[[ MATERIAL PROVIDED, beginning ]]

(* Let $G_0$ be a non-abelian finite simple group and let $(G_n)_{n\geq1}$ be a sequence of finite groups such that every finite group is isomorphic to a subgroup of at least one $G_n$. Then the family of all finite groups $\Gamma$ that are extensions of $G_0^N$ by $G_n$ (indexed by $n\ge1$ and $N\ge1$) satisfies property (RÉAL): for every finite group $G$ there exist integers $n\ge1$, $N\ge1$, a group $\Gamma$ fitting in an exact sequence $1\to G_0^N\to\Gamma\to G_n\to1$, and a subgroup $H\le\Gamma$ with $N_\Gamma(H)/H\cong G$.
   Context: A group $\Gamma$ is called an extension of a group $N$ by a group $H$ if there is an exact sequence $1\to N\to\Gamma\to H\to1$. A family $\{\Gamma_i\}_{i}$ of finite groups satisfies property (RÉAL) if for every finite group $G$ there exist an index $i$ and a subgroup $H$ of $\Gamma_i$ with $N_{\Gamma_i}(H)/H\cong G$, where $N_{\Gamma_i}(H)$ is the normalizer of $H$ in $\Gamma_i$. *)

From HB Require Import structures.
From mathcomp Require Import all_boot all_order all_fingroup all_solvable.
Set Implicit Arguments. Unset Strict Implicit. Unset Printing Implicit Defensive.

(* The external direct power gT^N, i.e. functions 'I_N -> gT with pointwise
   multiplication (finGroupType instance from mathcomp's gproduct.v). *)
Definition gpow (gT : finGroupType) (N : nat) : finGroupType :=
  {dffun forall i : 'I_N, (fun _ : 'I_N => gT) i}.

(* Let K be a subgroup of G_n isomorphic to G, and let Gamma be the regular
   wreath product G_0^(G_n) >< G_n, where G_n acts on functions by right
   translation.  Take H to be the subgroup of the base made of the functions
   that are constant on every right coset of K other than K itself (and
   arbitrary on K).  Right translation by elements of K preserves H;
   conversely, if an element f k of Gamma normalises H, testing it against
   indicator-like functions in H shows that k lies in K (this needs K <> 1 and
   G_0 <> 1) and that the values of f on a coset of K differ by central
   elements of G_0, hence agree (this needs Z(G_0) = 1).  Thus
   N_Gamma(H) = H >< K and N_Gamma(H)/H is isomorphic to K.  When K = 1 one
   simply takes H = Gamma. *)

From HB Require Import structures.
From mathcomp Require Import all_boot all_order all_fingroup all_solvable.
Set Implicit Arguments. Unset Strict Implicit. Unset Printing Implicit Defensive.
Local Open Scope group_scope.

Lemma simple_nonabelian_center1 (gT : finGroupType) :
  simple [set: gT] -> ~~ abelian [set: gT] -> 'Z([set: gT]) = 1.
Proof.
move=> /simpleP[_ /(_ 'Z([set: gT])%G (center_normal _))] [//|].
by move/center_idP=> abT; rewrite abT.
Qed.

Lemma nonabelian_nontrivial (gT : finGroupType) (G : {group gT}) :
  ~~ abelian G -> G :!=: 1.
Proof. by apply: contraNneq => ->; apply: abelian1. Qed.

Section RegularWreath.

Variables (aT kT : finGroupType).

Definition wfun : finGroupType := {dffun forall k : kT, (fun _ : kT => aT) k}.

Definition rshift (f : wfun) (k : kT) : wfun := [ffun x => f (x * k^-1)].

Lemma rshiftE (f : wfun) k x : rshift f k x = f (x * k^-1).
Proof. by rewrite ffunE. Qed.

Lemma conjg_wfunE (f g : wfun) x : (f ^ g) x = f x ^ g x.
Proof. by rewrite /conjg !ffunE. Qed.

Lemma rshift1 : rshift^~ 1 =1 id.
Proof. by move=> f; apply/ffunP=> x; rewrite ffunE invg1 mulg1. Qed.

Lemma rshiftM f : act_morph rshift f.
Proof. by move=> a b; apply/ffunP=> x; rewrite !ffunE invMg mulgA. Qed.

Canonical rshift_action := TotalAction rshift1 rshiftM.

Lemma rshift_is_groupAction : is_groupAction [set: wfun] rshift_action.
Proof.
move=> a _; rewrite inE; apply/andP; split; first by apply/subsetP=> x /[1!inE].
by apply/morphicP=> f g _ _; rewrite !actpermE; apply/ffunP=> x; rewrite !ffunE.
Qed.

Canonical rshift_groupAction := GroupAction rshift_is_groupAction.

Definition wreath := sdprod_by rshift_groupAction.

Local Notation base := (sdpair1 rshift_groupAction).
Local Notation top := (sdpair2 rshift_groupAction).

Lemma wfun_isog_gpow : [set: wfun] \isog [set: gpow aT #|kT|].
Proof.
apply/isog_symr/isogP.
pose reindex (g : gpow aT #|kT|) : wfun := [ffun x => g (enum_rank x)].
have reindexM : {in setT &, {morph reindex : g h / g * h}}.
  by move=> g h _ _; apply/ffunP=> x; rewrite !ffunE.
exists (Morphism reindexM).
  apply/injmP=> g h _ _ eq_gh; apply/ffunP=> i.
  by have := congr1 (fun f : wfun => f (enum_val i)) eq_gh; rewrite /= !ffunE enum_valK.
apply/eqP; rewrite eqEsubset subsetT; apply/subsetP=> f _; apply/morphimP.
exists ([ffun i => f (enum_val i)] : gpow aT #|kT|); rewrite ?inE //.
by apply/ffunP=> x; rewrite /= !ffunE enum_rankK.
Qed.

Lemma wreath_base_normal : base @* setT <| [set: wreath].
Proof. by case/sdprod_context: (sdprod_sdpair rshift_groupAction). Qed.

Lemma wreath_base_isog_gpow : base @* setT \isog [set: gpow aT #|kT|].
Proof.
apply: isog_trans wfun_isog_gpow.
exact/isog_symr/sub_isog/injm_sdpair1/subsetT.
Qed.

Lemma wreath_quotient_base_isog : [set: wreath] / base @* setT \isog [set: kT].
Proof.
apply: isog_trans (isog_symr (sdprod_isog (sdprod_sdpair _))) _.
exact/isog_symr/sub_isog/injm_sdpair2/subsetT.
Qed.

Lemma mem_base_morphim (A : {set wfun}) f : (base f \in base @* A) = (f \in A).
Proof.
by rewrite -{2}(injmK (injm_sdpair1 rshift_groupAction) (subsetT A)) !inE.
Qed.

Variable K : {group kT}.

Definition coset_const : {set wfun} :=
  [set f : wfun | [forall x, forall z,
                    (x \notin K) ==> (z * x^-1 \in K) ==> (f x == f z)]].

Lemma coset_constP (f : wfun) :
  reflect (forall x z, x \notin K -> z * x^-1 \in K -> f x = f z)
          (f \in coset_const).
Proof.
rewrite inE; apply: (iffP forallP) => [cf x z xK zx | cf x].
  by move: (forallP (cf x) z); rewrite xK zx => /eqP.
by apply/forallP=> z; apply/implyP=> xK; apply/implyP=> zx; apply/eqP/cf.
Qed.

Lemma group_set_coset_const : group_set coset_const.
Proof.
apply/group_setP; split; first by apply/coset_constP=> x z _ _; rewrite !ffunE.
move=> f g /coset_constP cf /coset_constP cg; apply/coset_constP=> x z xK zx.
by rewrite !ffunE (cf x z) // (cg x z).
Qed.

Canonical coset_const_group := Group group_set_coset_const.

Lemma rshift_coset_const (f : wfun) a :
  a \in K -> f \in coset_const -> rshift f a \in coset_const.
Proof.
move=> Ka /coset_constP cf; apply/coset_constP=> x z xK zx; rewrite !rshiftE.
apply: cf; last by rewrite invMg invgK mulgA mulgKV.
by apply: contra xK => xaK; rewrite -(mulgKV a x) groupM.
Qed.

Lemma top_norm_coset_const : top @* K \subset 'N(base @* coset_const).
Proof.
apply/subsetP=> _ /morphimP[a _ Ka ->].
rewrite inE -sdpair_setact ?inE ?subsetT //; apply: morphimS.
by apply/subsetP=> _ /imsetP[f cf ->]; apply: rshift_coset_const.
Qed.

Definition norm_shift_conj (a : kT) (g : wfun) :=
  forall f, f \in coset_const -> rshift f a ^ g \in coset_const.

Lemma norm_shift_conj_mem u :
  u \in 'N(base @* coset_const) -> norm_shift_conj u.1 u.2.
Proof.
move=> Nu f cf; rewrite -mem_base_morphim.
have -> : base (rshift f u.1 ^ u.2) = (base f ^ top u.1) ^ base u.2.
  by rewrite (morphJ (sdpair1_morphism _)) ?inE //= -sdpair_act ?inE.
by rewrite -conjgM -sdpairE memJ_norm // mem_base_morphim.
Qed.

Hypotheses (Z1 : 'Z([set: aT]) = 1) (ntA : [set: aT] :!=: 1) (ntK : K :!=: 1).

(* Test against the function equal to x at 1 and trivial elsewhere. *)
Lemma norm_shift_conj_inK a g : norm_shift_conj a g -> a \in K.
Proof.
move=> Nag; apply: contraT => aK.
have [x _ ntx] := trivgPn _ ntA; have [y Ky nty] := trivgPn _ ntK.
pose f : wfun := [ffun z => if z == 1 then x else 1].
have cf : f \in coset_const.
  apply/coset_constP=> z w zK wz; rewrite !ffunE.
  have -> : (z == 1) = false by apply: contraNF zK => /eqP ->.
  by case: eqP wz => // ->; rewrite mul1g groupV (negbTE zK).
move/coset_constP: (Nag f cf) => /(_ a (y * a) aK); rewrite mulgK => /(_ Ky).
rewrite !conjg_wfunE !rshiftE mulgV mulgK !ffunE eqxx (negbTE nty) conj1g.
by move/eqP; rewrite conjg_eq1 (negbTE ntx).
Qed.

(* Test against the function that is x on the coset K w and trivial elsewhere:
   conjugation by g must act on x identically at w and at any z in K w. *)
Lemma norm_shift_conj_coset_const a g :
  a \in K -> norm_shift_conj a g -> g \in coset_const.
Proof.
move=> Ka Nag; apply/coset_constP=> w z wK zw.
suff: g w * (g z)^-1 \in 'Z([set: aT]).
  by rewrite Z1 => /set1P/eqP; rewrite mulg_eq1 => /eqP->; rewrite invgK.
apply/centerP; split=> [|x _]; first by rewrite inE.
pose f : wfun := [ffun v => if v * w^-1 \in K then x else 1].
have cf : f \in coset_const.
  apply/coset_constP=> v v' vK vv'; rewrite !ffunE.
  suff -> : (v' * w^-1 \in K) = (v * w^-1 \in K) by [].
  by rewrite -(mulgKV v v') -mulgA groupMl.
have := Nag _ (rshift_coset_const (groupVr Ka) cf).
rewrite -rshiftM mulVg rshift1 => /coset_constP /(_ w z wK zw).
rewrite !conjg_wfunE !ffunE mulgV group1 zw => xgw.
have fix_x : x ^ (g w * (g z)^-1) = x by rewrite conjgM xgw -conjgM mulgV conjg1.
by rewrite /commute -{1}fix_x /conjg !mulgA mulgV mul1g.
Qed.

Lemma norm_coset_const_sdprod :
  base @* coset_const ><| top @* K = 'N_[set: wreath](base @* coset_const).
Proof.
rewrite sdprodE ?top_norm_coset_const //; last first.
  apply/eqP; rewrite -subG1 -(im_sdpair_TI rshift_groupAction).
  by apply: setISS; apply/morphimS/subsetT.
apply/eqP; rewrite eqEsubset mul_subG ?subsetI ?subsetT ?normG
  ?top_norm_coset_const //=.
apply/subsetP=> u /setIP[_ /norm_shift_conj_mem Nu].
have Ka := norm_shift_conj_inK Nu.
rewrite -(normC top_norm_coset_const) (sdpairE u) mem_mulg ?mem_morphim ?in_setT //.
exact: norm_shift_conj_coset_const Ka Nu.
Qed.

End RegularWreath.

Lemma wreath_norm_quotient_isog (aT kT : finGroupType) (K : {group kT}) :
  'Z([set: aT]) = 1 -> [set: aT] :!=: 1 ->
  exists H : {group wreath aT kT},
    ('N_[set: wreath aT kT](H) / H) \isog K.
Proof.
move=> Z1 ntA; have [-> | ntK] := eqVneq (K :> {set kT}) 1.
  exists [set: wreath aT kT]%G; rewrite (setIidPl (normG _)) trivg_quotient.
  exact/trivial_isog.
exists (sdpair1 (rshift_groupAction aT kT) @* coset_const aT K)%G.
apply: isog_trans (isog_symr (sdprod_isog (norm_coset_const_sdprod Z1 ntA ntK))) _.
exact/isog_symr/sub_isog/injm_sdpair2/subsetT.
Qed.

Theorem mainTheorem3 (g0T : finGroupType) (Gn : nat -> finGroupType)
  (HG0simple : simple [set: g0T]) (HG0nab : ~~ abelian [set: g0T])
  (Huniv : forall hT : finGroupType,
      exists n : nat, (0 < n)%N /\ exists K : {group Gn n}, [set: hT] \isog K) :
  forall hT : finGroupType,
    exists n N : nat, (0 < n)%N /\ (0 < N)%N /\
      exists (gT : finGroupType) (Gamma M : {group gT}),
        [/\ M <| Gamma,
            M \isog [set: gpow g0T N],
            (Gamma / M) \isog [set: Gn n] &
            exists H : {group gT},
              H \subset Gamma /\ ('N_Gamma(H) / H) \isog [set: hT]].
Proof.
move=> hT; have [n [n_gt0 [K hT_K]]] := Huniv hT.
have Z1 := simple_nonabelian_center1 HG0simple HG0nab.
have [H NH_K] := wreath_norm_quotient_isog K Z1 (nonabelian_nontrivial HG0nab).
exists n, #|Gn n|; do 2!split=> //; first by apply/card_gt0P; exists 1.
exists (wreath g0T (Gn n)), [set: wreath g0T (Gn n)]%G,
  (sdpair1 (rshift_groupAction g0T (Gn n)) @* setT)%G.
split; [exact: wreath_base_normal | exact: wreath_base_isog_gpow
       | exact: wreath_quotient_base_isog | ].
by exists H; split; [apply: subsetT | apply: isog_trans NH_K (isog_symr hT_K)].
Qed.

[[ MATERIAL PROVIDED, end ]]

## WHAT YOU HAVE TO DO
Please give an exact copy of the lines above, beginning with the line containing "Lemma norm_shift_conj_inK a" and running through the line containing "have -> : (z", and of no other lines.

## ANSWER SECTION
Lemma norm_shift_conj_inK a g : norm_shift_conj a g -> a \in K.
Proof.
move=> Nag; apply: contraT => aK.
have [x _ ntx] := trivgPn _ ntA; have [y Ky nty] := trivgPn _ ntK.
pose f : wfun := [ffun z => if z == 1 then x else 1].
have cf : f \in coset_const.
  apply/coset_constP=> z w zK wz; rewrite !ffunE.
  have -> : (z == 1) = false by apply: contraNF zK => /eqP ->.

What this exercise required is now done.